On returning from Rome, I received official
word that I had been assigned to do a three year course at Cork University. I
prayed earnestly about my missionary call. To my surprise, I received orders
in late August 1964 to go to Trinidad, West Indies, as a missionary.
PRIDE, FALL, AND A NEW HUNGER
On October 1, 1964, I arrived in Trinidad, and
for seven years I was a successful priest, in Roman Catholic terms, doing all
my duties and getting many people to come to Mass. By 1972 I had become quite
involved in the Catholic Charismatic Movement. Then, at a prayer meeting on
March 16th of that year, I thanked the Lord that I was such a good priest and
requested that if it were His will, He humble me that I might be even better.
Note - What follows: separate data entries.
(* Let $X$ be a real Banach lattice equipped with a sufficiently rich topology $\tau$, and let $A$ be a $\tau$-compact, convex, positive-solid subset of $X_+$. Then for every extreme point $a$ of $A$ there exists an order extreme point $b$ of $A$ with $a\le b$.
   Context: A locally convex Hausdorff topology $\tau$ on a Banach lattice $X$ is called sufficiently rich if (i) the space $X^\tau$ of $\tau$-continuous linear functionals on $X$ is a Banach lattice (with lattice operations given by the Riesz–Kantorovich formulas), and (ii) $X_+$ is $\tau$-closed. A set $A\subseteq X_+$ is positive-solid if whenever $x\in X_+$ and $x\le z$ for some $z\in A$, then $x\in A$. A point $b\in A$ is an order extreme point of $A$ if for all $x_0,x_1\in A$ and $t\in(0,1)$, $b\le(1-t)x_0+tx_1$ implies $x_0=b=x_1$. *)

From Stdlib Require Import Reals List.
Open Scope R_scope.

Record BanachLattice := {
  car :> Type;
  vadd : car -> car -> car;
  vzero : car;
  vopp : car -> car;
  vscal : R -> car -> car;
  vle : car -> car -> Prop;
  vsup : car -> car -> car;
  vnorm : car -> R;
  vaddA : forall x y z, vadd x (vadd y z) = vadd (vadd x y) z;
  vaddC : forall x y, vadd x y = vadd y x;
  vadd0 : forall x, vadd x vzero = x;
  vaddN : forall x, vadd x (vopp x) = vzero;
  vscal1 : forall x, vscal 1 x = x;
  vscalA : forall s t x, vscal s (vscal t x) = vscal (s * t) x;
  vscalDr : forall t x y, vscal t (vadd x y) = vadd (vscal t x) (vscal t y);
  vscalDl : forall s t x, vscal (s + t) x = vadd (vscal s x) (vscal t x);
  vle_refl : forall x, vle x x;
  vle_anti : forall x y, vle x y -> vle y x -> x = y;
  vle_trans : forall x y z, vle x y -> vle y z -> vle x z;
  vle_add : forall x y z, vle x y -> vle (vadd x z) (vadd y z);
  vle_scal : forall t x y, 0 <= t -> vle x y -> vle (vscal t x) (vscal t y);
  vsup_ub_l : forall x y, vle x (vsup x y);
  vsup_ub_r : forall x y, vle y (vsup x y);
  vsup_least : forall x y z, vle x z -> vle y z -> vle (vsup x y) z;
  vnorm_eq0 : forall x, vnorm x = 0 -> x = vzero;
  vnorm_scal : forall t x, vnorm (vscal t x) = Rabs t * vnorm x;
  vnorm_triangle : forall x y, vnorm (vadd x y) <= vnorm x + vnorm y;
  vnorm_lattice : forall x y,
      vle (vsup x (vopp x)) (vsup y (vopp y)) -> vnorm x <= vnorm y;
  vcomplete : forall u : nat -> car,
      (forall eps, 0 < eps -> exists N, forall n m, (N <= n)%nat -> (N <= m)%nat ->
          vnorm (vadd (u n) (vopp (u m))) < eps) ->
      exists l, forall eps, 0 < eps -> exists N, forall n, (N <= n)%nat ->
          vnorm (vadd (u n) (vopp l)) < eps
}.

Arguments vadd {_}. Arguments vzero {_}. Arguments vopp {_}. Arguments vscal {_}.
Arguments vle {_}. Arguments vsup {_}. Arguments vnorm {_}.

Definition vsub {X : BanachLattice} (x y : X) : X := vadd x (vopp y).

Definition positive_cone (X : BanachLattice) : X -> Prop := fun x => vle vzero x.

Definition is_topology {X : Type} (op : (X -> Prop) -> Prop) : Prop :=
  op (fun _ => True) /\
  (forall U V, op U -> op V -> op (fun x => U x /\ V x)) /\
  (forall (I : Type) (U : I -> X -> Prop), (forall i, op (U i)) ->
      op (fun x => exists i, U i x)).

Definition hausdorff {X : Type} (op : (X -> Prop) -> Prop) : Prop :=
  forall x y : X, x <> y -> exists U V, op U /\ op V /\ U x /\ V y /\
     (forall z, U z -> V z -> False).

Definition convex_set {X : BanachLattice} (C : X -> Prop) : Prop :=
  forall x y t, C x -> C y -> 0 <= t <= 1 ->
    C (vadd (vscal (1 - t) x) (vscal t y)).

Definition locally_convex_hausdorff {X : BanachLattice} (op : (X -> Prop) -> Prop) : Prop :=
  is_topology op /\ hausdorff op /\
  (forall (U : X -> Prop) x y, op U -> U (vadd x y) ->
     exists V W, op V /\ op W /\ V x /\ W y /\
       forall v w, V v -> W w -> U (vadd v w)) /\
  (forall (U : X -> Prop) t x, op U -> U (vscal t x) ->
     exists delta V, 0 < delta /\ op V /\ V x /\
       forall s v, Rabs (s - t) < delta -> V v -> U (vscal s v)) /\
  (forall (U : X -> Prop) x, op U -> U x ->
     exists V, op V /\ V x /\ convex_set V /\ forall z, V z -> U z).

Definition tau_continuous {X : BanachLattice} (op : (X -> Prop) -> Prop) (f : X -> R) : Prop :=
  forall x eps, 0 < eps -> exists U, op U /\ U x /\
     forall y, U y -> Rabs (f y - f x) < eps.

Definition linear_functional {X : BanachLattice} (f : X -> R) : Prop :=
  (forall x y, f (vadd x y) = f x + f y) /\ (forall t x, f (vscal t x) = t * f x).

Definition tau_dual {X : BanachLattice} (op : (X -> Prop) -> Prop) (f : X -> R) : Prop :=
  linear_functional f /\ tau_continuous op f.

Definition RK_sup {X : BanachLattice} (f g h : X -> R) : Prop :=
  forall x, vle vzero x ->
    is_lub (fun r => exists y, vle vzero y /\ vle y x /\ r = f y + g (vsub x y)) (h x).

(** X^tau is a Banach lattice with the Riesz–Kantorovich lattice operations
    (the vector operations being pointwise and the order the dual order). *)
Definition dual_is_banach_lattice {X : BanachLattice} (op : (X -> Prop) -> Prop) : Prop :=
  (forall f g, tau_dual op f -> tau_dual op g ->
     exists h, tau_dual op h /\ RK_sup f g h) /\
  exists N : (X -> R) -> R,
    (forall f, tau_dual op f -> N f = 0 -> forall x, f x = 0) /\
    (forall t f, tau_dual op f -> N (fun x => t * f x) = Rabs t * N f) /\
    (forall f g, tau_dual op f -> tau_dual op g ->
        N (fun x => f x + g x) <= N f + N g) /\
    (forall f g af ag, tau_dual op f -> tau_dual op g -> tau_dual op af -> tau_dual op ag ->
        RK_sup f (fun x => - f x) af -> RK_sup g (fun x => - g x) ag ->
        (forall x, vle vzero x -> af x <= ag x) -> N f <= N g) /\
    (forall u : nat -> X -> R, (forall n, tau_dual op (u n)) ->
      (forall eps, 0 < eps -> exists M, forall n m, (M <= n)%nat -> (M <= m)%nat ->
          N (fun x => u n x - u m x) < eps) ->
      exists l, tau_dual op l /\ forall eps, 0 < eps -> exists M, forall n, (M <= n)%nat ->
          N (fun x => u n x - l x) < eps).

Definition sufficiently_rich {X : BanachLattice} (op : (X -> Prop) -> Prop) : Prop :=
  locally_convex_hausdorff op /\
  dual_is_banach_lattice op /\
  op (fun x => ~ positive_cone X x).

Definition compact_in {X : Type} (op : (X -> Prop) -> Prop) (A : X -> Prop) : Prop :=
  forall (I : Type) (U : I -> X -> Prop), (forall i, op (U i)) ->
    (forall x, A x -> exists i, U i x) ->
    exists l : list I, forall x, A x -> exists i, In i l /\ U i x.

Definition positive_solid {X : BanachLattice} (A : X -> Prop) : Prop :=
  forall x z, vle vzero x -> vle x z -> A z -> A x.

Definition extreme_point {X : BanachLattice} (A : X -> Prop) (a : X) : Prop :=
  A a /\ forall x0 x1 t, A x0 -> A x1 -> 0 < t < 1 ->
    a = vadd (vscal (1 - t) x0) (vscal t x1) -> x0 = a /\ x1 = a.

Definition order_extreme_point {X : BanachLattice} (A : X -> Prop) (b : X) : Prop :=
  A b /\ forall x0 x1 t, A x0 -> A x1 -> 0 < t < 1 ->
    vle b (vadd (vscal (1 - t) x0) (vscal t x1)) -> x0 = b /\ b = x1.

From Stdlib Require Import Reals List Lra Classical ClassicalEpsilon
  FunctionalExtensionality PropExtensionality ProofIrrelevance.
From mathcomp Require boolp classical_sets.
Open Scope R_scope.

(** Only two features of the sufficiently rich topology are used: it is a
    locally convex Hausdorff vector topology, and [X_+] is closed.  The proof
    is a Krein–Milman type argument with "order faces": nonempty closed subsets
    of [A] that are upward closed in [A] and contain both ends of every open
    segment of [A] they meet.
    - Riesz decomposition shows that, [A] being positive-solid, the elements
      of [A] above the extreme point [a] form an order face.
    - Compactness (nested intersections of closed sets) and Zorn's lemma give a
      minimal order face [F] inside it, and a minimal element [b] of [F].
    - If [F] had a second point [y], a convex upper semicontinuous function [g]
      (the Minkowski gauge of a convex neighbourhood of [b]) separates [b] from
      [y]; the set of elements of [A] above the points where [g] attains its
      maximum on [F] is a smaller order face not containing [b].  So [F = {b}],
      and a singleton order face consists of an order extreme point. *)

Arguments vaddA {_}. Arguments vaddC {_}. Arguments vadd0 {_}. Arguments vaddN {_}.
Arguments vscal1 {_}. Arguments vscalA {_}. Arguments vscalDr {_}. Arguments vscalDl {_}.
Arguments vle_refl {_}. Arguments vle_anti {_}. Arguments vle_trans {_}.
Arguments vle_add {_}. Arguments vle_scal {_}.
Arguments vsup_ub_l {_}. Arguments vsup_ub_r {_}. Arguments vsup_least {_}.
Later that same evening I had a freak accident, splitting the back of my head
and hurting my spine in many places. Without thus coming close to death, I
doubt that I would ever have gotten out of my self- satisfied state. Rote, set
prayer showed its emptiness as I cried out to God in my pain.
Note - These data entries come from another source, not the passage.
Lemma sumR_app l1 l2 f : sumR (l1 ++ l2) f = sumR l1 f + sumR l2 f.
Proof. induction l1; simpl; [ring|]. rewrite IHl1; ring. Qed.

Lemma sumR_minus l f g : sumR l (fun k => f k - g k) = sumR l f - sumR l g.
Proof. induction l; simpl; [ring|]. rewrite IHl; ring. Qed.

Lemma sumR_nonneg l f : (forall k, In k l -> 0 <= f k) -> 0 <= sumR l f.
Proof.
  induction l; simpl; intros H; [lra|].
  pose proof (H a (or_introl eq_refl)). pose proof (IHl (fun k h => H k (or_intror h))). lra.
Qed.

Lemma sumR_eq0 l f : (forall k, In k l -> f k = 0) -> sumR l f = 0.
Proof. induction l; simpl; intros H; auto. rewrite H, IHl; auto. ring. Qed.

Lemma prodR_ext l f g : (forall k, In k l -> f k = g k) -> prodR l f = prodR l g.
Proof. induction l; simpl; intros H; auto. rewrite H, IHl; auto. Qed.

Lemma prodR_app l1 l2 f : prodR (l1 ++ l2) f = prodR l1 f * prodR l2 f.
Proof. induction l1; simpl; [ring|]. rewrite IHl1; ring. Qed.

Lemma prodR_pos l f : (forall k, In k l -> 0 < f k) -> 0 < prodR l f.
Proof. induction l; simpl; intros H; [lra|]. apply Rmult_lt_0_compat; auto. Qed.

Lemma prodR_factor d j (G : nat -> R) : (1 <= j <= d)%nat ->
  exists A, forall h : nat -> R, (forall k, k <> j -> h k = G k) -> prodR (seq 1 d) h = A * h j.
Proof.
  intros Hj. exists (prodR (seq 1 (j - 1)) G * prodR (seq (S j) (d - j)) G). intros h Hh.
  replace (seq 1 d) with (seq 1 (j - 1) ++ seq j (S (d - j))).
  2:{ replace j with (1 + (j - 1))%nat at 2 by lia. rewrite <- seq_app. f_equal. lia. }
  rewrite prodR_app. simpl.
  rewrite (prodR_ext _ h G), (prodR_ext (seq (S j) (d - j)) h G); try ring;
    intros k Hk; apply in_seq in Hk; apply Hh; lia.
Qed.

Lemma in_seq1 j d : In j (seq 1 d) <-> (1 <= j <= d)%nat.
Proof. rewrite in_seq. lia. Qed.

Lemma list_argmax {A} (l : list A) (h : A -> R) (a : A) : In a l ->
  exists x, In x l /\ forall y, In y l -> h y <= h x.
Proof.
  revert a. induction l as [|b l IH]; simpl; intros a0 Ha; [contradiction|].
  destruct l as [|c l'].
  - exists b; split; auto. intros y [<-|[]]; lra.
  - destruct (IH c (or_introl eq_refl)) as [x [Hx Hm]].
    destruct (Rle_dec (h b) (h x)).
    + exists x; split; auto. intros y [<-|Hy]; auto.
    + exists b; split; auto. intros y [<-|Hy]; [lra|]. specialize (Hm y Hy); lra.
Qed.

Lemma cv_const c : Un_cv (fun _ => c) c.
Proof. intros e He; exists 0%nat; intros; unfold R_dist. rewrite Rminus_diag, Rabs_R0; lra. Qed.

Definition lim_seq (u : nat -> R) : R := epsilon (inhabits 0) (Un_cv u).

Lemma lim_seq_spec u : (exists l, Un_cv u l) -> Un_cv u (lim_seq u).
Proof. apply epsilon_spec. Qed.

Lemma lim_seq_unique u l : Un_cv u l -> lim_seq u = l.
Proof. intros H. apply (UL_sequence u); auto. apply lim_seq_spec; eauto. Qed.

Lemma upd_eq i j v : upd i j v j = v.
Proof. unfold upd. rewrite Nat.eqb_refl. auto. Qed.

Lemma upd_neq i j v k : k <> j -> upd i j v k = i k.
Proof. intros. unfold upd. destruct (Nat.eqb_spec k j); [lia|auto]. Qed.

Lemma upd_same i j : upd i j (i j) = i.
Proof. apply functional_extensionality. intros k. unfold upd. destruct (Nat.eqb_spec k j); subst; auto. Qed.

Lemma is_top_spec d N i : is_top d N i = true <-> forall j, (1 <= j <= d)%nat -> i j = N j.
Proof.
  unfold is_top. rewrite forallb_forall. split; intros H j Hj.
  - apply Nat.eqb_eq, H, in_seq1; auto.
  - apply Nat.eqb_eq, H, in_seq1; auto.
Qed.

Lemma expect_trans d p q i (g : option (nat -> nat) -> R) :
  expect g (trans d p q i) =
  sumR (seq 1 d) (fun j => p j (i j) * g (Some (upd i j (S (i j)))))
  + sumR (seq 1 d) (fun j => if Nat.leb 2 (i j) then q j (i j) * g (Some (upd i j (pred (i j)))) else 0)
  + sumR (seq 1 d) (fun j => if Nat.eqb (i j) 1 then q j 1%nat else 0) * g None
  + (1 - sumR (seq 1 d) (fun k => p k (i k) + q k (i k))) * g (Some i).
Proof.
  unfold trans. rewrite !expect_app, expect_map, expect_flat_map.
  rewrite (sumR_ext _
    (fun k => expect g (if Nat.leb 2 (i k) then [(q k (i k), Some (upd i k (pred (i k))))] else []))
    (fun k => if Nat.leb 2 (i k) then q k (i k) * g (Some (upd i k (pred (i k)))) else 0)).
  - unfold expect at 1. cbn [fold_right fst snd]. ring.
  - intros k _. destruct (Nat.leb 2 (i k)); unfold expect; simpl; ring.
Qed.

Lemma hit_None d N p q n : hit d N p q n None = 0.
Proof. destruct n; reflexivity. Qed.

Lemma hit_top d N p q n i : is_top d N i = true -> hit d N p q n (Some i) = 1.
Proof. intros E; destruct n; simpl; rewrite E; reflexivity. Qed.

Lemma hit_0 d N p q i : is_top d N i = false -> hit d N p q 0 (Some i) = 0.
Proof. intros E; simpl; rewrite E; reflexivity. Qed.
(* Let $\delta,D\ge0$ and let $(X_n,x_n,\Gamma_n)\in\mathcal{M}(\delta,D)$ converge in the equivariant pointed Gromov–Hausdorff sense to $(X_\infty,x_\infty,\Gamma_\infty)$, with $X_\infty$ proper and $\Gamma_\infty$ closed in $\mathrm{Isom}(X_\infty)$. Let $Y_n=\mathrm{QC\text{-}Hull}(\Lambda(\Gamma_n))$. Then for every $0<r\le R$, $\sup_{n\in\mathbb N}\mathrm{Pack}_{Y_n}(R,r)<+\infty$.
   Context: For $Z$ a subset of a metric space, $\mathrm{Pack}(Z,r)$ is the maximal cardinality of a $2r$-separated subset of $Z$; for $Y\subseteq X$, $\mathrm{Pack}_Y(R,r)=\sup_{y\in Y}\mathrm{Pack}(\overline B(y,R)\cap Y,r)$. Gromov product $(y,z)_x=\frac12(d(x,y)+d(x,z)-d(y,z))$; $X$ is $\delta$-hyperbolic if $(x,z)_w\geq\min\{(x,y)_w,(y,z)_w\}-\delta$ for all points. $\Lambda(\Gamma)$: accumulation points in the Gromov boundary of $\Gamma x$; elementary means $\#\Lambda(\Gamma)\le2$. $\mathrm{QC\text{-}Hull}(C)$: union of geodesic lines with both endpoints in $C$. Quasiconvex-cocompact with codiameter $\le D$: for all $y,y'\in\mathrm{QC\text{-}Hull}(\Lambda(\Gamma))$ there is $g\in\Gamma$ with $d(gy,y')\le D$. $\mathcal{M}(\delta,D)$: triples $(X,x,\Gamma)$, $X$ proper geodesic $\delta$-hyperbolic, $\Gamma\le\mathrm{Isom}(X)$ discrete, torsion-free, non-elementary, quasiconvex-cocompact with codiameter $\le D$, $x\in\mathrm{QC\text{-}Hull}(\Lambda(\Gamma))$. Equivariant pointed Gromov–Hausdorff convergence: with $\Sigma_R(\Gamma,x)=\{g\in\Gamma:d(x,gx)\le R\}$, an equivariant $\varepsilon$-approximation between $(X,x,\Gamma)$ and $(Y,y,\Lambda)$ is $(f,\varphi,\psi)$ with $f:B(x,1/\varepsilon)\to B(y,1/\varepsilon)$, $f(x)=y$, $|d(f(a),f(b))-d(a,b)|<\varepsilon$, image $\varepsilon$-dense in $B(y,1/\varepsilon)$; $\varphi:\Sigma_{1/\varepsilon}(\Gamma,x)\to\Sigma_{1/\varepsilon}(\Lambda,y)$ with $d(f(ga),\varphi(g)f(a))<\varepsilon$ whenever $a,ga\in B(x,1/\varepsilon)$; $\psi:\Sigma_{1/\varepsilon}(\Lambda,y)\to\Sigma_{1/\varepsilon}(\Gamma,x)$ with $d(f(\psi(g)a),gf(a))<\varepsilon$ whenever $a,\psi(g)a\in B(x,1/\varepsilon)$. Convergence means that for every $\varepsilon>0$ such approximations exist for all large $n$. *)

From Stdlib Require Import Reals Lra List.
Open Scope R_scope.

Record MetricSpace := {
  mpt :> Type;
  mdist : mpt -> mpt -> R;
  mdist_refl : forall a, mdist a a = 0;
  mdist_sep : forall a b, mdist a b = 0 -> a = b;
  mdist_sym : forall a b, mdist a b = mdist b a;
  mdist_tri : forall a b c, mdist a c <= mdist a b + mdist b c }.

Arguments mdist {m} _ _.

Section Defs.
Variable X : MetricSpace.

(** Proper: closed balls are compact (sequential compactness, metric case). *)
Definition proper_space : Prop :=
  forall (c : X) (rad : R) (u : nat -> X),
    (forall n, mdist c (u n) <= rad) ->
    exists (phi : nat -> nat) (l : X),
      (forall n, (phi n < phi (S n))%nat) /\
      forall eps, 0 < eps -> exists N, forall n, (N <= n)%nat -> mdist (u (phi n)) l < eps.

Definition geodesic_space : Prop :=
  forall a b : X, exists gam : R -> X,
    gam 0 = a /\ gam (mdist a b) = b /\
    forall s t, 0 <= s <= mdist a b -> 0 <= t <= mdist a b ->
      mdist (gam s) (gam t) = Rabs (s - t).

Definition gprod (w y z : X) : R := (mdist w y + mdist w z - mdist y z) / 2.

Definition hyperbolic (delta : R) : Prop :=
  forall a b c w : X, gprod w a c >= Rmin (gprod w a b) (gprod w b c) - delta.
In the suffering that I went through in the
weeks after the accident, I began to find some comfort in direct personal
prayer. I stopped saying the Breviary (the Roman Catholic Church's official
prayer for clergy) and the Rosary and began to pray using parts of the Bible
itself. This was a very slow process. I did not know my way through the Bible
and the little I had learned over the years had taught me more to distrust it
rather than to trust it. My training in philosophy and in the theology of
Thomas Aquinas left me helpless, so that coming into the Bible now to find the
Lord was like going into a huge dark woods without a map.
When assigned to a new parish later that year,
I found that I was to work side-by-side with a Dominican priest who had been a
brother to me over the years. For more than two years we were to work
together, fully seeking God as best we knew in the parish of Pointe-a-Pierre.
We read, studied, prayed, and put into practise what we had been taught in
Church teaching. We built up communities in Gasparillo, Claxton Bay, and
Marabella, just to mention the main villages. In a Catholic religious sense we
were very successful. Many people attended Mass. The Catechism was taught in
many schools, including government schools. I continued my personal search
into the Bible, but it did not much affect the work we were doing; rather it
showed me how little I really knew about the Lord and His Word. It was at this
time that Philippians 3:10 became the cry of my heart, "That I may know
him, and the power of his resurrection...."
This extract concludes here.